Lemma mul_zeta_comb g e1 e2 e3 e4 a1 a2 a3 a4 :
  E_eq (fa_mul g zeta) (fa_mul zeta g) ->
  E_eq (fa_mul g fa_one) e1 -> E_eq (fa_mul g fa_t) e2 ->
  E_eq (fa_mul g fa_tw) e3 -> E_eq (fa_mul g fa_wt) e4 ->
  E_eq (fa_mul g (zeta_comb a1 a2 a3 a4))
    (zeta_poly_mul a1 e1 ++ zeta_poly_mul a2 e2 ++ zeta_poly_mul a3 e3 ++ zeta_poly_mul a4 e4).
Proof.
move=> cg E1 E2 E3 E4.
have Eg p e e' : E_eq (fa_mul g e) e' -> E_eq (fa_mul g (zeta_poly_mul p e)) (zeta_poly_mul p e').
  by move=> Ee; apply: E_eq_trans (zeta_poly_mul_commute p e cg) (E_eq_zeta_poly_mul p Ee).
rewrite /zeta_comb; do 3 (apply: E_eq_trans (E_eq_coef_eq (fa_mul_catr _ _ _)) _;
  apply: E_eq_cat; first exact: Eg).
exact: Eg.
Qed.

Lemma mul_t_zeta_comb a1 a2 a3 a4 :
  E_eq (fa_mul fa_t (zeta_comb a1 a2 a3 a4)) (zeta_comb 0 (a1 - a2 + 'X * a4) (- a3) 0).
Proof.
apply: E_eq_trans (mul_zeta_comb _ _ _ _ zeta_commute_t mul_t_one mul_t_t mul_t_tw mul_t_wt) _.
apply: E_eq_coef_eq => z; rewrite /zeta_comb !fa_coef_cat !zeta_poly_mul_coef_opp.
rewrite !zeta_poly_mul_coef_zeta !zeta_poly_mul_coefD !zeta_poly_mul_coefN !zeta_poly_mul_coef0.
ring.
Qed.

Lemma mul_w_zeta_comb a1 a2 a3 a4 :
  E_eq (fa_mul fa_w (zeta_comb a1 a2 a3 a4))
    (zeta_comb ('X * a1 + 'X * ('X * a3) - a3) (a4 - a3) (- a1 - 'X * a3) (a2 - a1 - 'X * a3)).
Proof.
apply: E_eq_trans (mul_zeta_comb _ _ _ _ zeta_commute_w mul_w_one mul_w_t mul_w_tw mul_w_wt) _.
apply: E_eq_coef_eq => z; rewrite /zeta_comb !fa_coef_cat !zeta_poly_mul_coef_cat.
rewrite !zeta_poly_mul_coef_opp !zeta_poly_mul_coef_zeta !zeta_poly_mul_coefD !zeta_poly_mul_coefN.
ring.
Qed.

Lemma zeta_comb_add a1 a2 a3 a4 b1 b2 b3 b4 :
  coef (zeta_comb a1 a2 a3 a4 ++ zeta_comb b1 b2 b3 b4) =1
  coef (zeta_comb (a1 + b1) (a2 + b2) (a3 + b3) (a4 + b4)).
Proof. by move=> z; rewrite /zeta_comb !fa_coef_cat !zeta_poly_mul_coefD; ring. Qed.

Lemma zeta_comb_scale c a1 a2 a3 a4 :
  coef (fa_scale c (zeta_comb a1 a2 a3 a4)) =1
  coef (zeta_comb (c%:P * a1) (c%:P * a2) (c%:P * a3) (c%:P * a4)).
Proof. by move=> z; rewrite fa_coef_scale /zeta_comb !fa_coef_cat !zeta_poly_mul_coefZ; ring. Qed.

Lemma word_zeta_span u : exists a1 a2 a3 a4, E_eq (fa_word u) (zeta_comb a1 a2 a3 a4).
Proof.
elim: u => [|b u [a1 [a2 [a3 [a4 IH]]]]].
  exists 1, 0, 0, 0; apply: E_eq_coef_eq => z.
  rewrite /zeta_comb !fa_coef_cat !zeta_poly_mul_coef0 zeta_poly_mul_coef size_poly1.
  by rewrite big_cons big_nil coef1 /=; ring.
have Eb : E_eq (fa_word (b :: u)) (fa_mul (fa_word [:: b]) (zeta_comb a1 a2 a3 a4)).
  apply: E_eq_trans (E_eq_mull _ IH); apply: E_eq_coef_eq => z.
  by rewrite /fa_mul /= !fa_coef_cons fa_coef_nil mul1r.
by case: b Eb => Eb; do 4 eexists;
  [exact: E_eq_trans Eb (mul_t_zeta_comb _ _ _ _) | exact: E_eq_trans Eb (mul_w_zeta_comb _ _ _ _)].
Qed.

Lemma fa_zeta_span x : exists a1 a2 a3 a4, E_eq x (zeta_comb a1 a2 a3 a4).
Proof.
elim: x => [|[c u] x [b1 [b2 [b3 [b4 IH]]]]].
  exists 0, 0, 0, 0; apply: E_eq_coef_eq => z.
  by rewrite /zeta_comb !fa_coef_cat !zeta_poly_mul_coef0 fa_coef_nil; ring.
have [a1 [a2 [a3 [a4 Eu]]]] := word_zeta_span u.
do 4 eexists; apply: E_eq_trans _ (E_eq_coef_eq (zeta_comb_add _ _ _ _ _ _ _ _)).
apply: E_eq_trans _ (E_eq_cat (E_eq_coef_eq (zeta_comb_scale c _ _ _ _)) IH).
apply: E_eq_trans _ (E_eq_cat (E_eq_scale c Eu) (E_eq_refl x)).
by apply: E_eq_coef_eq => z; rewrite /= !fa_coef_cons /= mulr1.
Qed.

++++++

- **Instructions to follow**:
Going down the listing above, begin printing at the line with "coef (zeta_comb (a1" and finish with the line with "have Eb : E_eq", exactly as they appear.

- **Exercise response**:
  coef (zeta_comb (a1 + b1) (a2 + b2) (a3 + b3) (a4 + b4)).
Proof. by move=> z; rewrite /zeta_comb !fa_coef_cat !zeta_poly_mul_coefD; ring. Qed.

Lemma zeta_comb_scale c a1 a2 a3 a4 :
  coef (fa_scale c (zeta_comb a1 a2 a3 a4)) =1
  coef (zeta_comb (c%:P * a1) (c%:P * a2) (c%:P * a3) (c%:P * a4)).
Proof. by move=> z; rewrite fa_coef_scale /zeta_comb !fa_coef_cat !zeta_poly_mul_coefZ; ring. Qed.

Lemma word_zeta_span u : exists a1 a2 a3 a4, E_eq (fa_word u) (zeta_comb a1 a2 a3 a4).
Proof.
elim: u => [|b u [a1 [a2 [a3 [a4 IH]]]]].
  exists 1, 0, 0, 0; apply: E_eq_coef_eq => z.
  rewrite /zeta_comb !fa_coef_cat !zeta_poly_mul_coef0 zeta_poly_mul_coef size_poly1.
  by rewrite big_cons big_nil coef1 /=; ring.
have Eb : E_eq (fa_word (b :: u)) (fa_mul (fa_word [:: b]) (zeta_comb a1 a2 a3 a4)).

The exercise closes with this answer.